Sans qu’on soit soi-même touché par des troubles de la santé mentale, on peut avoir dans son entourage proche des personnes qui souffrent. Et être dans la détresse de vouloir leur venir en aide sans en avoir les moyens. Là encore, il ne faut pas oublier que ce n’est pas inenvisageable de ne pas pouvoir aider une personne à main levée. C’est un métier à part entière pour lequel des personnes sont longuement formées. Pour aider une personne à se relever, il faut soi-même être déjà debout. Un naufragé ne peut pas en sauver un autre. C’est d’abord pour ça qu’il faut éviter par tous les moyens de sombrer avec une personne qui souffre. Ça commence par établir des frontières saines entre les vécus des deux personnes. Aussi proches que peuvent sembler des lignes de vie, elles ne seront jamais fusionnelles. Alors ne forçons pas la fusion. Garder cette distance émotionnelle clinique est salvateur pour toutes les parties. Ce n’est pas un manque d’empathie, on peut parfaitement comprendre une histoire sans en ressentir tous les détails émotionnels. Car l’empathie n’est pas une dissolution de soi dans l’autre. Ce qu’on peut faire, c’est être présent pour la personne, et la laisser gérer sa situation comme elle peut. Etre présent, mais pas oppressant. Je dirais même discret. Être à l’écoute et porter de l’attention, sans jamais juger, juste essayer de comprendre. Comme le disait Spinoza « Ne pas railler, ne pas déplorer, ne pas maudire, mais comprendre. » Et si la situation ne s’améliore pas, ou semble durer, l’encourager vivement à aller consulter un professionnel.

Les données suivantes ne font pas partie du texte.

Lemma coercive_comm_product : exists2 c, 0 < c & coercive (fun f => X (Y f)) c.
Proof.
pose N := (Num.truncn (M / c)).+1.
have N_gt0 : 0 < (N%:R : R) by rewrite ltr0n.
have dM_le : N%:R^-1 * M <= c.
  rewrite mulrC ler_pdivrMr // mulrC -ler_pdivrMr //; apply: ltW; exact: truncnS_gt.
have seg_pos n : (n <= N)%N -> positive_op (segment (n%:R / N%:R)).
  elim: n => [_|n IHn le_nN].
    apply: positive_of_Re; first exact: segment_selfadjoint.
    move=> f; rewrite mul0r Re_segment subr0 mul1r mul0r addr0.
    by apply: le_trans (lecRe (X_co f)); rewrite mulr_ge0 ?sqr_ge0 ?ltW.
  rewrite -natr1 mulrDl mul1r; apply: segment_positive_step => //.
  - by rewrite divr_ge0 ?ler0n // ler_pdivrMr // mul1r ler_nat ltnW.
  - by rewrite invr_ge0 ltW.
  - by apply: IHn; rewrite ltnW.
exists c => [|f]; first exact: c_gt0.
have := segment_coercive _ (seg_pos N (leqnn N)) f.
rewrite divff ?gt_eqF // /segment subrr scale0r add0r scale1r; apply.
by rewrite ler01 lexx.
Qed.

End CommutingProduct.
End Operators.

Section Summation.
Variables (K : numFieldType) (I : int -> Prop).
Implicit Types (a b : int -> K) (s t : K).
Local Notation normK := (@Num.norm K K).

Lemma has_sum_ext (V : zmodType) (nrm : V -> K) (u v : int -> V) (s : V) :
  (forall i, I i -> u i = v i) -> has_sum nrm I u s -> has_sum nrm I v s.
Proof.
move=> eq_uv u_sum e e_gt0; have [F0 [F0_I F0_sum]] := u_sum e e_gt0.
exists F0; split => // F F_uniq F_I F0_F.
rewrite -(eq_big_seq _ (fun i i_F => eq_uv i (F_I i i_F))); exact: F0_sum.
Qed.
Lemma umax_bit n (b c : bool) :
  umax (2 * n + b) c =
  Num.max (umax (n + (b && c)) false + window_corr b c (odd n) false)
          (umax (n + (b && c)) true + window_corr b c (odd n) true).
Proof.
rewrite /umax pf_state_bit.
case: b; case: c; rewrite /= ?addn0 ?addn1 -?pf_state_succ //.
Qed.

Definition parity_max (n : nat) : Prop :=
  forall q : bool, (forall j, odd j = q -> window n j <= umax n q) /\
                   exists2 j, odd j = q & window n j = umax n q.

Lemma parity_max_bit m (b : bool) :
  (forall c : bool, parity_max (m + (b && c))) -> parity_max (2 * m + b).
Proof.
move=> IHm q; split=> [j <-|].
  rewrite [in window _ j](bit_decomp j) window_bit umax_bit le_max.
  have [le_u _] := IHm (odd j) (odd j./2).
  by case: (odd j./2) (le_u j./2 erefl) => le; rewrite lerD2r le ?orbT.
pose u q' := umax (m + (b && q)) q' + window_corr b q (odd m) q'.
rewrite umax_bit -[Num.max _ _]/(Num.max (u false) (u true)).
have [q' max_q'] : exists q', Num.max (u false) (u true) = u q'.
  by have [_|_] := leP (u false) (u true); [exists true | exists false].
have [_ [j odd_j att_j]] := IHm q q'.
by exists (2 * j + q)%N; rewrite ?odd_bit // window_bit att_j max_q' odd_j.
Qed.

Lemma parity_max0 : parity_max 0.
Proof. by move=> q; split=> [j _|]; [| exists (q : nat)]; rewrite ?window0; case: q. Qed.

Lemma parity_max1 : parity_max 1.
Proof.
have w1 j : window 1 j = pf_sign j.+1 by rewrite windowS window0 add0r addn0.
move=> q; split=> [j _|]; first by rewrite w1 /umax /pf_sign; case: q; case: pf.
by exists (q : nat); case: q.
Qed.

Lemma parity_max_all n : parity_max n.
Proof.
elim/ltn_ind: n => n IHn.
have [n_le1|n_gt1] := leqP n 1; first by case: n n_le1 {IHn} => [|[|]] // _;
  [exact: parity_max0 | exact: parity_max1].
rewrite (bit_decomp n); apply: parity_max_bit => c; apply: IHn.
by have := bit_decomp n; case: (odd n) c => [] [] /=; lia.
Qed.

Definition top (v : state) : int := Num.max v.1.1 v.1.2.

Lemma window_le_top n j : window n j <= top (pf_state n).
Proof.
have [le_u _] := parity_max_all n (odd j).
by rewrite /top le_max; move: (le_u j erefl); rewrite /umax; case: odd => ->; rewrite ?orbT.
Qed.

Lemma top_attained n : exists j, window n j = top (pf_state n).
Proof.
have pick q : exists j, window n j = umax n q.
  by have [_ [j _ att]] := parity_max_all n q; exists j.
rewrite /top; have [_|_] := leP (pf_state n).1.1 (pf_state n).1.2.
  exact: (pick true).
exact: (pick false).
Qed.

Lemma rho_top n : (rho n)%:Z = top (pf_state n) + 1.
Proof. exact: rho_window_max (window_le_top n) (top_attained n). Qed.

Definition shift_state (k : int) (v : state) : state :=
  ((v.1.1 + k, v.1.2 + k), (v.2.1 + k, v.2.2 + k)).

Definition normalize (v : state) : state := shift_state (- v.1.1) v.

Lemma shift_normalize v : v = shift_state v.1.1 (normalize v).
Proof. by case: v => [[a0 a1] [b0 b1]]; rewrite /normalize /shift_state /= !subrK. Qed.

Lemma normalize_shift k v : normalize (shift_state k v) = normalize v.
Proof.
have E x y : x + k + - (y + k) = x + - y by ring.
by case: v => [[a0 a1] [b0 b1]]; rewrite /normalize /shift_state /= !E.
Qed.
Lemma anchoring_rainbow_swaps u1 u2 u3 x y :
  [/\ u1 \in part j, u2 \in part j & u3 \in part j] ->
  [/\ f u1 != f u2, f u2 != f u3 & f u3 != f u1] ->
  (forall u, u \in part j -> #|cclass f (f u) :\ u| <= 3) ->
  x \in cclass f (f u1) :\ u1 -> y \in cclass f (f u1) :\ u1 -> x != y ->
  anchoring j f (swap (swap f x u2) y u3).
Proof.
move=> [u1j u2j u3j] [c12 c23 c31] rest3 xR yR xy.
have [xu1 /[1!inE]/eqP fx] := setD1P xR; have [yu1 /[1!inE]/eqP fy] := setD1P yR.
have card4 u : u \in part j -> #|cclass f (f u)| <= 4.
  by move=> uj; rewrite (cardsD1 u) [u \in _]inE eqxx; have := rest3 u uj; lia.
have neq a b : f a != f b -> a != b by move=> ne; apply: contraNneq ne => ->.
have [xu2 xu3 yu2 yu3] : [/\ x != u2, x != u3, y != u2 & y != u3].
  by split; apply: neq; rewrite ?fx ?fy // eq_sym.
have [u1u2 u1u3 u2u3] : [/\ u1 != u2, u1 != u3 & u2 != u3].
  by split; apply: neq; rewrite // eq_sym.
have gy : swap f x u2 y = f u1 by rewrite swapD // eq_sym.
have gu3 : swap f x u2 u3 = f u3 by rewrite swapD // eq_sym.
have rg : relaxed_coloring (swap f x u2).
  by apply: relaxed_swap => //; rewrite ?fx; apply: card4.
have class_g : cclass (swap f x u2) (f u1) = u2 |: (cclass f (f u1) :\ x).
  by rewrite -{1}fx cclass_swap fx.
have class_h :
    cclass (swap (swap f x u2) y u3) (f u1) = u3 |: ((u2 |: (cclass f (f u1) :\ x)) :\ y).
  by rewrite -{1}gy cclass_swap gy ?gu3 1?eq_sym // class_g.
split.
- by apply: relaxed_swap => //; rewrite ?gy ?gu3 card_cclass_swap; apply: card4.
- apply: recolors_within_trans (swap_within _ _) (swap_within _ _);
    by rewrite ?fx ?gy ?gu3; apply: imset_f.
- exists (f u1), (u1 |: [set u2; u3]); split.
  + rewrite subsetI !subUset !sub1set u1j u2j u3j class_h !andbT !inE !eqxx.
    rewrite (negbTE u1u3) (negbTE u1u2) (eq_sym u1 y) (eq_sym u1 x) (eq_sym u2 y).
    by rewrite yu1 xu1 yu2 /= orbT.
  + by rewrite (cardsU1 u1) cards2 !inE negb_or u1u2 u1u3 u2u3.
  + have yRx : y \in (cclass f (f u1) :\ u1) :\ x by rewrite in_setD1 eq_sym xy yR.
    have R1 : #|(cclass f (f u1) :\ u1) :\ x :\ y| <= 1.
      by have := rest3 u1 u1j; rewrite (cardsD1 x) xR (cardsD1 y) yRx.
    have [p sp] := small_in_part j R1; exists p; apply: subset_trans sp.
    apply/subsetP => w; rewrite in_setD class_h !inE !negb_or => /andP[/and3P[wu1 wu2 wu3]].
    by rewrite (negbTE wu2) (negbTE wu3) /= => /andP[wy /andP[wx fw]]; rewrite wy wx wu1 fw.
Qed.

Lemma anchoring_rainbow : (forall d, #|cclass f d :&: part j| <= 1) ->
  exists g, anchoring j f g.
Proof.
move=> le1.
have injf u v : u \in part j -> v \in part j -> u != v -> f u != f v.
  move=> uj vj uv; apply/negP => /eqP fuv; have := le1 (f u); apply/negP; rewrite -ltnNge.
  by apply/card_gt1P; exists u, v; rewrite !in_setI uj vj !inE fuv eqxx.
have rest3 u : u \in part j -> #|cclass f (f u) :\ u| <= 3.
  move=> uj; have uQ : u \in cclass f (f u) :&: part j by rewrite in_setI uj andbT inE.
  apply: leq_trans (relaxed_off_part (f_relaxed (f u)) uQ); apply: subset_leq_card.
  apply/subsetP => w /setD1P[wu fw]; rewrite in_setD fw andbT; apply/negP => wj.
  by have := injf w u wj uj wu; rewrite inE in fw; rewrite fw.
have /card_gt2P[u1 [u2 [u3 [uj [n12 n23 n31]]]]] : 2 < #|part j| by rewrite card_part.
have [L1 | /card_gt1P[x [y [xR yR xy]]]] := leqP #|cclass f (f u1) :\ u1| 1.
  by exists (recolor f [set u2; u3] (f u1)); apply: anchoring_rainbow_small.
exists (swap (swap f x u2) y u3); case: uj => u1j u2j u3j.
by apply: (@anchoring_rainbow_swaps u1 u2 u3 x y) => //; split; apply: injf.
Qed.
Lemma tied_max_cat j A B : A != [::] -> B != [::] -> tied_max j (A ++ B) ->
  exists j1 j2, [/\ j1 \in j :: A ++ B, j2 \in j :: A ++ B, vee1_index j j1 j2,
                    tied_max j1 A & tied_max j2 B].
Proof.
move=> nA nB.
have mA := seqmax_mem nA; have mB := seqmax_mem nB.
have cA := count_seqmax_gt0 nA; have cB := count_seqmax_gt0 nB.
rewrite /tied_max seqmax_cat count_cat.
move: mA mB cA cB; set MA := seqmax A; set MB := seqmax B => mA mB cA cB tie.
have counts : (maxn MA MB = MA /\ MA = MB /\ count_mem (maxn MA MB) A = count_mem MA A
              /\ count_mem (maxn MA MB) B = count_mem MB B) \/
         (maxn MA MB = MA /\ MB < MA /\ count_mem (maxn MA MB) B = 0
              /\ count_mem (maxn MA MB) A = count_mem MA A) \/
         (maxn MA MB = MB /\ MA < MB /\ count_mem (maxn MA MB) A = 0
              /\ count_mem (maxn MA MB) B = count_mem MB B).
  case: (ltngtP MA MB) => h.
  - by right; right; do ?split => //; apply: count_above_seqmax.
  - by right; left; do ?split => //; apply: count_above_seqmax.
  - by left; rewrite h.
have memj : j \in j :: A ++ B by rewrite inE eqxx.
have memA : MA \in j :: A ++ B by rewrite inE mem_cat mA orbT.
have memB : MB \in j :: A ++ B by rewrite inE mem_cat mB !orbT.
have mem_jB : maxn j MB \in j :: A ++ B by case: leqP => _.
have mem_jA : maxn j MA \in j :: A ++ B by case: leqP => _.
exists (if (1 < count_mem MA A) && (maxn j MB < MA) then maxn j MB else MA).
exists (if (1 < count_mem MB B) && (maxn j MA < MB) then maxn j MA else MB).
split; [by case: ifP | by case: ifP | | |];
  move: counts cA cB tie; rewrite /vee1_index;
  move: (count_mem (maxn MA MB) A) (count_mem (maxn MA MB) B);
  move: (count_mem MA A) (count_mem MB B) (maxn MA MB) => cA' cB' M xA xB counts cA cB tie;
  repeat case: ifP; lia.
Qed.

Local Open Scope ring_scope.

Section LinearForm.
Variables (R : realType) (V : vectType R) (f : V -> R) (hf : linear_form f).

Lemma linear_formD x y : f (x + y) = f x + f y.
Proof. by have := hf 1 x y; rewrite scale1r mul1r. Qed.

Lemma linear_form0 : f 0 = 0.
Proof. by have := linear_formD 0 0; rewrite addr0 => h; lra. Qed.

Lemma linear_formZ c x : f (c *: x) = c * f x.
Proof. by have := hf c x 0; rewrite !addr0 linear_form0 addr0. Qed.

Lemma linear_formB x y : f (x - y) = f x - f y.
Proof. by rewrite linear_formD -scaleN1r linear_formZ mulN1r. Qed.

Lemma linear_form_sum (s : seq V) : f (\sum_(x <- s) x) = \sum_(x <- s) f x.
Proof.
elim: s => [|x s IH]; first by rewrite !big_nil linear_form0.
by rewrite !big_cons linear_formD IH.
Qed.
End LinearForm.

(* An arithmetic progression b, b + e a, b + 2e a, ... with e a != 0 is
   injective, so it cannot stay inside a finite list of vectors. *)
Lemma progression_escapes (R : realType) (V : vectType R) (s : seq V)
    (b a : V) (e : R) : a != 0 -> e != 0 -> b \in s ->
  ~ (forall k : nat, b + (k%:R * e) *: a \in s -> b + (k.+1%:R * e) *: a \in s).
Proof.
move=> a0 e0 bs step.
pose u (k : nat) := b + (k%:R * e) *: a.
have us k : u k \in s by elim: k => [|k]; [rewrite /u mul0r scale0r addr0|exact: step].
have inj_u : injective u.
  move=> k m /addrI /eqP; rewrite -subr_eq0 -scalerBl scaler_eq0 (negPf a0) orbF.
  by rewrite -mulrBl mulf_eq0 (negPf e0) orbF subr_eq0 eqr_nat => /eqP.
have := @uniq_leq_size _ (map u (iota 0 (size s).+1)) s.
rewrite map_inj_uniq // iota_uniq size_map size_iota ltnn => /(_ isT) contra.
suff : false by [].
by apply: contra => x /mapP[k _ ->].
Qed.
Lemma sum_fiber_ratio_le A B :
  \sum_(w in F) (#|fiber A w| * #|fiber B w|)%:R / #|fiber (A :|: B) w|%:R
    <= #|F|%:R ^+ 2 :> R.
Proof.
pose agree a b w := (projS A w == projS A a) && (projS B w == projS B b).
(* The w agreeing with a on A and with b on B lie in a single (A :|: B)-fiber. *)
have pair_le1 a b : \sum_(w in F) (agree a b w)%:R / #|fiber (A :|: B) w|%:R <= 1 :> R.
  have [E0 | [w0]] := set_0Vmem [set w in F | agree a b w].
    rewrite big1 // => w wF; suff /negbTE-> : ~~ agree a b w by rewrite mul0r.
    by apply/negP => abw; have := in_set0 w; rewrite -E0 inE wF abw.
  rewrite inE => /andP[_ abw0].
  apply: le_trans (sum_inv_card_fiber_le1 (projS (A :|: B) w0)).
  rewrite [X in _ <= X]big_mkcondr /=; apply: ler_sum => w _.
  have [abw | _] := boolP (agree a b w); last by rewrite mul0r; case: ifP; rewrite ?invr_ge0.
  have -> : projS (A :|: B) w == projS (A :|: B) w0.
    move: abw abw0; rewrite eq_projSU /agree => /andP[/eqP-> /eqP->] /andP[/eqP-> /eqP->].
    by rewrite !eqxx.
  by rewrite mul1r.
have cardE S w : #|fiber S w|%:R = \sum_(a in F) (projS S w == projS S a)%:R :> R.
  rewrite -sum1_card (eq_bigl (fun a => (a \in F) && (projS S a == projS S w))) => [|a].
    by rewrite big_mkcondr natr_sum /=; apply: eq_bigr => a _; rewrite eq_sym; case: eqP.
  by rewrite inE.
apply: (@le_trans _ _ (\sum_(a in F) \sum_(b in F) 1)); last first.
  by rewrite !sumr_const -mulrnA mulnn natrX.
rewrite (eq_bigr (fun w => \sum_(a in F) \sum_(b in F)
    (agree a b w)%:R / #|fiber (A :|: B) w|%:R)) => [|w _]; last first.
  rewrite natrM (cardE A) (cardE B) big_distrlr mulr_suml; apply: eq_bigr => a _.
  by rewrite mulr_suml; apply: eq_bigr => b _; rewrite /= -natrM mulnb.
rewrite exchange_big; apply: ler_sum => a _.
by rewrite exchange_big; apply: ler_sum => b _; apply: pair_le1.
Qed.

End Fibers.

Section KullbackLeibler.
Variable R : realType.
Implicit Types r t x : R.

Lemma ln_le_subr1 x : 0 < x -> ln x <= x - 1.
Proof. by move=> x0; have := @le_ln1Dx R (x - 1); rewrite subrKC; apply; rewrite ltrBrDl addrN. Qed.

Lemma le_xlnx r t : 0 < r -> 0 < t -> r * ln t + r - t <= r * ln r.
Proof.
move=> r0 t0; have := ln_le_subr1 (divr_gt0 t0 r0).
rewrite ln_div ?posrE // -(ler_pM2l r0) mulrBr mulrBr mulr1 mulrCA divff ?gt_eqF // mulr1.
lra.
Qed.

Definition kl_fun r := r * ln r - r + 1.
Lemma bmean_hasN J L c : uniq J -> {subset J <= L} ->
  bmean J (fun c => (~~ has c L)%:R) c =
  (1 - p) ^+ size J * (~~ has c [seq l <- L | l \notin J])%:R.
Proof.
elim: J c => [|j J IH] c /=; first by rewrite expr0 mul1r filter_predT.
move=> /andP[jJ uJ] sub.
have subJ : {subset J <= L} by move=> x xJ; apply: sub; rewrite inE xJ orbT.
rewrite !IH //.
have -> : has (update c j true) [seq l <- L | l \notin J].
  by apply/hasP; exists j; rewrite ?mem_filter ?jJ ?sub ?mem_head // /update eqxx.
have -> : has (update c j false) [seq l <- L | l \notin J] =
          has c [seq l <- L | l \notin j :: J].
  apply/hasP/hasP => -[x]; rewrite !mem_filter /update.
    move=> /andP[xJ xL]; case: eqP => // /eqP xj cx; exists x => //.
    by rewrite mem_filter inE negb_or xj xJ xL.
  rewrite inE negb_or => /andP[/andP[xj xJ] xL] cx.
  by exists x; rewrite ?mem_filter ?xJ ?xL // (negbTE xj).
by rewrite /= mulr0 mulr0 add0r exprS mulrA.
Qed.

Lemma bmean_has J c : uniq J ->
  bmean J (fun c => (has c J)%:R) c = 1 - (1 - p) ^+ size J.
Proof.
move=> uJ; rewrite (@eq_bmean _ _ (fun c => 1 * 1 + (-1) * (~~ has c J)%:R));
  last by move=> c'; case: has => /=; ring.
rewrite bmean_lin bmean_const bmean_hasN // (_ : [seq l <- J | l \notin J] = [::]).
  by rewrite /=; ring.
by apply/eqP; rewrite -[_ == _]negbK -has_filter; apply/hasP => -[x ->].
Qed.

Lemma bmean_has_sub J K c : uniq K -> {subset K <= J} ->
  bmean J (fun c => (has c K)%:R) c = 1 - (1 - p) ^+ size K.
Proof.
move=> uK KJ; rewrite (@bmean_support K J K _ c c) ?bmean_has //.
by move=> c1 c2 c12; rewrite (@eq_in_has _ c1 c2) // => x /c12 ->.
Qed.

End OneIndexType.

Section TwoIndexTypes.
Variables I1 I2 : eqType.

Lemma bmean_exchange (J1 : seq I1) (J2 : seq I2) H c1 c2 :
  bmean J1 (fun c => bmean J2 (H c) c2) c1 =
  bmean J2 (fun c' => bmean J1 (fun c => H c c') c1) c2.
Proof. by elim: J1 c1 => [|j J1 IH] c1 //=; rewrite !IH -bmean_lin. Qed.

En somme, si tu lis ça, que tu te sens concerné.e, sache qu’on te voit et qu’on te comprend. Qu’on est aussi passé par là, certains s’y sont même temporairement arrêtés parfois. Ça nous arrive même d’y repasser de temps en temps. Qu’il n’y a pas plus de mal à se faire aider en santé mentale qu’en santé physique. Enfin le mal est déjà présent, tu me diras, et ce qui compte avant tout est de l’éradiquer, ou tout du moins, le dépasser. Rien ne devrait passer avant la santé, absolument rien. Tu n’es pas faible, tu es juste fatigué.e, las.se. Ça arrive, a tout le monde. Nous sommes aussi désolés d’avoir contribué à créer un monde qui t’es hostile et de continuer à l’entretenir… Nous sommes tous pareils, nous essayons de nous en sortir. Parfois en se marchant dessus, les uns sur les autres… Alors essaie de te relever, si tu le peux. Et fais-toi aider, quand tu le pourras. C’est une mauvaise passe, tiens bon, ne désespère pas. Rassemble ton énergie, fais une sieste, ou deux, une grasse mat, ou sept, mais dépasse-toi, quand tu te sentiras prêt.e, et essaie de retrouver ton équilibre.